In 1939 when Bohemia and Moravia was annexed by Nazi Germany, Baťa unsuccessfully tried to negotiate with the German authorities in order to prevent the control of his company from being taken over by the German army.  With his family he went into exile to the United States. In 1941 he was blacklisted for having entered into negotiations with the Nazis and was exiled again, settling finally in Brazil.

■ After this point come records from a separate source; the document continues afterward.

Lemma poly_critical_point_not_injective {f : {poly C}} {S : pred C} {c d0 : C} :
  0 < d0 -> (forall z, `|z - c| < d0 -> z \in S) -> (2 < size f)%N ->
  root f^`() c -> ~ {in S &, injective (horner f)}.
Proof.
move=> d0_gt0 near_S size_f f'c inj.
have f'_neq0 : f^`() != 0.
  have lead_f : f`_(size f).-1 != 0.
    by rewrite -lead_coefE lead_coef_eq0 -size_poly_gt0 (ltn_trans _ size_f).
  have pred_size : (size f).-2.+1 = (size f).-1 by case: (size f) size_f => [|[]].
  apply: contraNneq lead_f => f'_eq0; have := coef_deriv f (size f).-2.
  rewrite f'_eq0 coef0 pred_size => /esym/eqP; rewrite mulrn_eq0 => /orP[|/eqP //].
  by case: (size f) size_f => [|[|[]]].
have W_eq : f^`() * 1%:P - f * (1%:P)^`() = f^`() by rewrite derivC mulr0 subr0 mulr1.
have inj1 : {in S &, injective (fun z => f.[z] / (1%:P).[z])}.
  by move=> x y Sx Sy /=; rewrite !hornerC !divr1; apply: inj Sx Sy.
apply: (critical_point_not_injective (z0 := c) d0_gt0 _ _ size_f _ _ inj1).
- by move=> z z_near; rewrite near_S // hornerC oner_neq0.
- by rewrite size_polyC oner_neq0 (ltn_trans _ size_f).
- by rewrite W_eq.
- by rewrite W_eq.
Qed.

End CriticalPoints.

Section SelfReciprocal.
Context {C : numClosedFieldType}.

Lemma self_reciprocal_prod_XsubC (s : seq C) z : z != 0 -> {in s, forall c, `|c| = 1} ->
  z ^+ size s * (\prod_(c <- s) ((z^*)^-1 - c))^* =
  \prod_(c <- s) (- c^*) * \prod_(c <- s) (z - c).
Proof.
move=> z_neq0; elim: s => [|c s IHs] unit_s; first by rewrite !big_nil expr0 rmorph1 !mul1r.
have unit_c : c^* * c = 1 by rewrite -normCKC unit_s ?mem_head ?expr1n.
have key : z * ((z^*)^-1 - c)^* = - c^* * (z - c).
  by rewrite rmorphB fmorphV /= conjCK mulrBr mulfV // -unit_c; ring.
rewrite !big_cons rmorphM exprS mulrACA key IHs => [|x xs]; last by rewrite unit_s // inE xs orbT.
by rewrite mulrACA.
Qed.

Lemma monic_self_reciprocal {P : {poly C}} {k : nat} : size P = k.+1 -> P \is monic ->
  P.[0] = 1 -> (forall c, root P c -> 1 <= `|c|) ->
  forall z, z != 0 -> z ^+ k * (P.[(z^*)^-1])^* = P.[z].
Proof.
move=> size_P /monicP lead_P P0 roots_ge1 z z_neq0.
have [rs P_eq] := closed_field_poly_normal P; rewrite lead_P scale1r in P_eq.
have size_rs : size rs = k by move: size_P; rewrite P_eq size_prod_XsubC => -[].
have prod_rs : \prod_(c <- rs) (- c) = 1.
  by rewrite -[RHS]P0 P_eq horner_prod; apply: eq_bigr => c _; rewrite hornerXsubC sub0r.
have unit_rs : {in rs, forall c, `|c| = 1}.
  move=> c c_rs; apply: (prodr_ge1_eq1 (s := [seq `|c| | c <- rs])); last exact: map_f.
    by move=> _ /mapP[r r_rs ->]; rewrite roots_ge1 // P_eq root_prod_XsubC.
  by rewrite big_map -(eq_bigr _ (fun c _ => normrN c)) -normr_prod prod_rs normr1.
rewrite P_eq !horner_prod -size_rs.
under eq_bigr do rewrite hornerXsubC.
under [in RHS]eq_bigr do rewrite hornerXsubC.
rewrite self_reciprocal_prod_XsubC // [X in X * _](_ : _ = 1) ?mul1r //.
rewrite -[RHS]conjC1 -[in RHS]prod_rs rmorph_prod.
by apply: eq_bigr => c _; rewrite rmorphN.
Qed.

End SelfReciprocal.

Section Laurent.
Context {R : realType}.
Implicit Types (d : nat) (a : nat -> R[i]).

Definition laurent_num d a : {poly R[i]} :=
  'X^(d.+1) + \sum_(1 <= k < d.+1) a k *: 'X^(d - k).

Definition laurent_df_inv d a : {poly R[i]} :=
  1 - \sum_(1 <= k < d.+1) (k%:R * a k) *: 'X^(k.+1).

Lemma size_laurent_num d a : size (laurent_num d a) = d.+2.
Proof.
rewrite size_polyDl size_polyXn // ltnS; apply/leq_sizeP => j lt_dj.
rewrite coef_sum big1 // => k _; rewrite coefZ coefXn gtn_eqF ?mulr0 //.
exact: leq_ltn_trans (leq_subr _ _) lt_dj.
Qed.

Lemma horner_laurent_num d a w : w != 0 -> (laurent_num d a).[w] = laurent_f d a w * w ^+ d.
Proof.
move=> w_neq0; rewrite mulrC /laurent_num /laurent_f hornerD hornerXn horner_sum mulrDr exprSr.
congr (_ + _); rewrite mulr_sumr; apply: eq_big_nat => k /andP[_ k_le].
by rewrite hornerZ hornerXn exprB ?unitfE // mulrCA.
Qed.

Lemma horner_laurent_df_inv d a z : z != 0 ->
  (laurent_df_inv d a).[z] = laurent_df d a z^-1.
Proof.
move=> z_neq0; rewrite /laurent_df_inv /laurent_df !hornerE horner_sum; congr (_ - _).
by apply: eq_big_nat => k _; rewrite hornerZ hornerXn exprVn invrK.
Qed.

Lemma horner_derivXn_mulX m (w : R[i]) : ('X^m)^`().[w] * w = m%:R * w ^+ m.
Proof.
case: m => [|m]; first by rewrite derivXn hornerMn !mulr0n !mul0r.
by rewrite derivXn hornerMn hornerXn -mulr_natl -mulrA -exprSr.
Qed.

Lemma laurent_num_wronskian d a w : w != 0 ->
  ((laurent_num d a)^`() * 'X^d - laurent_num d a * ('X^d)^`()).[w] =
  w ^+ (d + d) * laurent_df d a w.
Proof.
move=> w_neq0; apply: (mulIf w_neq0).
set S2 := \sum_(1 <= k < d.+1) a k / w ^+ k.
set S3 := \sum_(1 <= k < d.+1) k%:R * a k / w ^+ k.
have N_w : (laurent_num d a).[w] = (w + S2) * w ^+ d by rewrite horner_laurent_num.
have dN_w : (laurent_num d a)^`().[w] * w = d.+1%:R * w ^+ d.+1 + w ^+ d * (d%:R * S2 - S3).
  rewrite derivD raddf_sum hornerD horner_sum mulrDl horner_derivXn_mulX mulr_suml.
  rewrite /S2 /S3 mulr_sumr -sumrB mulr_sumr; congr (_ + _); apply: eq_big_nat => k /andP[_ k_le].
  rewrite /= derivZ hornerZ -mulrA horner_derivXn_mulX natrB // exprB ?unitfE //.
  by field; rewrite expf_neq0.
have df_w : laurent_df d a w = 1 - S3 / w.
  rewrite /laurent_df /S3 mulr_suml; congr (_ - _).
  by apply: eq_big_nat => k _; rewrite exprSr invfM mulrA.
rewrite hornerD hornerN !hornerM N_w hornerXn mulrBl mulrAC dN_w -mulrA.
rewrite horner_derivXn_mulX df_w exprD exprS.
by field.
Qed.

Lemma coef_laurent_df_inv d a j : (laurent_df_inv d a)`_j =
  (j == 0%N)%:R - \sum_(1 <= k < d.+1) k%:R * a k * (j == k.+1)%:R.
Proof.
rewrite /laurent_df_inv coefB coef1 coef_sum; congr (_ - _).
by apply: eq_bigr => k _; rewrite coefZ coefXn.
Qed.

Lemma horner_laurent_df_inv0 d a : (laurent_df_inv d a).[0] = 1.
Proof.
by rewrite horner_coef0 coef_laurent_df_inv big1 ?subr0 // => k _; rewrite mulr0.
Qed.

Lemma laurent_df_inv_monic {d a} : (1 <= d)%N -> a d = - d%:R^-1 ->
  size (laurent_df_inv d a) = d.+2 /\ laurent_df_inv d a \is monic.
Proof.
move=> d_ge1 a_d; apply: size_monic_top_coef.
  apply/leq_sizeP => j j_gt; rewrite coef_laurent_df_inv gtn_eqF 1?(leq_trans _ j_gt) //.
  rewrite big1_seq ?subr0 // => k; rewrite mem_index_iota => /andP[_ /andP[_ k_le]].
  by rewrite gtn_eqF ?mulr0 // (leq_ltn_trans k_le).
rewrite coef_laurent_df_inv big_nat_recr //= big1_seq ?add0r; last first.
  by move=> k; rewrite mem_index_iota => /andP[_ /andP[_ k_lt]]; rewrite eqSS gtn_eqF ?mulr0.
by rewrite eqxx mulr1 a_d mulrN opprK divff // pnatr_eq0 -lt0n.
Qed.

Lemma univalent_deriv_roots (f : {poly R[i]}) (c : R[i]) : ~~ root f^`() 0 ->
  {in @unit_disk R &, injective (horner f)} -> root f^`() c -> 1 <= `|c|.
Proof.
move=> f'0 inj f'c; rewrite real_leNgt ?real1 ?normr_real //; apply/negP => c_lt1.
have size_f : (2 < size f)%N.
  rewrite ltnNge; apply: contra f'0 => size_le.
  have /size1_polyC f'_eq : (size f^`() <= 1)%N.
    apply/leq_sizeP => j j_ge1; rewrite coef_deriv nth_default ?mul0rn //.
    exact: leq_trans size_le _.
  by move: f'c; rewrite f'_eq /root !hornerC.
apply: (poly_critical_point_not_injective (d0 := 1 - `|c|) _ _ size_f f'c inj).
  by rewrite subr_gt0.
move=> z z_near; rewrite inE /= -(subrK c z).
by apply: le_lt_trans (ler_normD _ _) _; rewrite -ltrBrDr.
Qed.

Lemma univalent_laurent_roots d a (c : R[i]) : (1 <= d)%N ->
  {in @ext_disk R &, injective (laurent_f d a)} -> root (laurent_df_inv d a) c -> 1 <= `|c|.
Proof.
move=> d_ge1 inj Qc; rewrite real_leNgt ?real1 ?normr_real //; apply/negP => c_lt1.
have c_neq0 : c != 0 by apply: contraTneq Qc => ->; rewrite /root horner_laurent_df_inv0 oner_eq0.
set w0 := c^-1; have w0_gt1 : 1 < `|w0| by rewrite normfV invf_gt1 ?normr_gt0.
have ext_neq0 z : z \in @ext_disk R -> z != 0.
  by rewrite inE /= => z_gt1; rewrite -normr_gt0 (lt_trans ltr01).
have X_near z : `|z - w0| < `|w0| - 1 -> (z \in @ext_disk R) && (('X^d).[z] != 0).
  move=> z_near; have z_ext : z \in @ext_disk R.
    have tri : `|w0| <= `|z| + `|z - w0|.
      by rewrite distrC -[X in `|X|](subrK z w0) addrC ler_normD.
    by rewrite inE /= -(ltrD2r `|z - w0|); apply: lt_le_trans tri; rewrite -ltrBrDl.
  by rewrite z_ext hornerXn expf_neq0 ?ext_neq0.
have W_eq w : w != 0 -> ((laurent_num d a)^`() * 'X^d - laurent_num d a * ('X^d)^`()).[w] =
    w ^+ (d + d) * (laurent_df_inv d a).[w^-1].
  by move=> w_neq0; rewrite laurent_num_wronskian // horner_laurent_df_inv ?invrK ?invr_eq0.
have inj1 : {in @ext_disk R &, injective (fun z => (laurent_num d a).[z] / ('X^d).[z])}.
  move=> x y x_ext y_ext /=; rewrite !hornerXn !horner_laurent_num ?ext_neq0 //.
  by rewrite !mulfK ?expf_neq0 ?ext_neq0 //; apply: inj.
apply: (critical_point_not_injective _ X_near _ _ _ _ inj1).
- by rewrite subr_gt0.
- by rewrite size_polyXn size_laurent_num.
- by rewrite size_laurent_num.
- apply/eqP => W_eq0; have := horner_laurent_df_inv0 d a.
  suff -> : laurent_df_inv d a = 0 by rewrite horner0 => /eqP; rewrite eq_sym oner_eq0.
  apply: poly_eq_on_nonzero => z z_neq0; apply/eqP.
  have := W_eq _ (invr_neq0 z_neq0); rewrite W_eq0 horner0 invrK horner0.
  by move/esym/eqP; rewrite mulf_eq0 expf_eq0 invr_eq0 (negPf z_neq0) andbF.
- by rewrite /root W_eq ?invr_neq0 // invrK (eqP Qc) mulr0.
Qed.

End Laurent.

Theorem lemma2p9 (R : realType) :
  (* (i) *)
  (forall (d : nat) (f : {poly R[i]}),
      (1 <= d)%N ->
      (size f <= d.+1)%N -> f`_0 = 0 -> f`_1 = 1 ->
      f`_d = (d%:R)^-1 ->
      {in @unit_disk R &, injective (horner f)} ->
      selfdual d.-1 f^`())
  /\
  (* (ii) *)
  (forall (d : nat) (a : nat -> R[i]),
      (1 <= d)%N ->
      a d = - (d%:R)^-1 ->
      {in @ext_disk R &, injective (laurent_f d a)} ->
      forall P : {poly R[i]},
        (forall z : R[i], z != 0 -> P.[z] = laurent_df d a z^-1) ->
        selfdual d.+1 P).
Proof.
split.
- move=> d f d_ge1 size_f _ f1 f_d inj.
  have [size_f' monic_f'] : size f^`() = d.-1.+1 /\ f^`() \is monic.
    apply: size_monic_top_coef; last first.
      by rewrite coef_deriv prednK // f_d; field; rewrite pnatr_eq0 -lt0n.
    apply/leq_sizeP => j; rewrite prednK // => d_le_j.
    by rewrite coef_deriv nth_default ?mul0rn // (leq_trans size_f).
  have f'0 : f^`().[0] = 1 by rewrite horner_coef0 coef_deriv f1.
  split; first by rewrite /in_Pi size_f'.
  apply: (monic_self_reciprocal size_f' monic_f' f'0) => c.
  by apply: univalent_deriv_roots inj; rewrite /root f'0 oner_neq0.
- move=> d a d_ge1 a_d inj P P_eq.
  have -> : P = laurent_df_inv d a.
    by apply: poly_eq_on_nonzero => z z_neq0; rewrite P_eq // horner_laurent_df_inv.
  have [size_Q monic_Q] := laurent_df_inv_monic d_ge1 a_d.
  split; first by rewrite /in_Pi size_Q.
  apply: (monic_self_reciprocal size_Q monic_Q (horner_laurent_df_inv0 d a)) => c.
  exact: univalent_laurent_roots.
Qed.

There he founded several company industrial towns, including: Bataiporã, Bataguassu, Batatuba, Anaurilândia and Mariápolis, communities where more than 100,000 people live today.

Up to his death, Baťa expanded the organization more than sixfold from the date of acquisition. From 1931 to 1942, the Baťa organization grew to 105,770 employees.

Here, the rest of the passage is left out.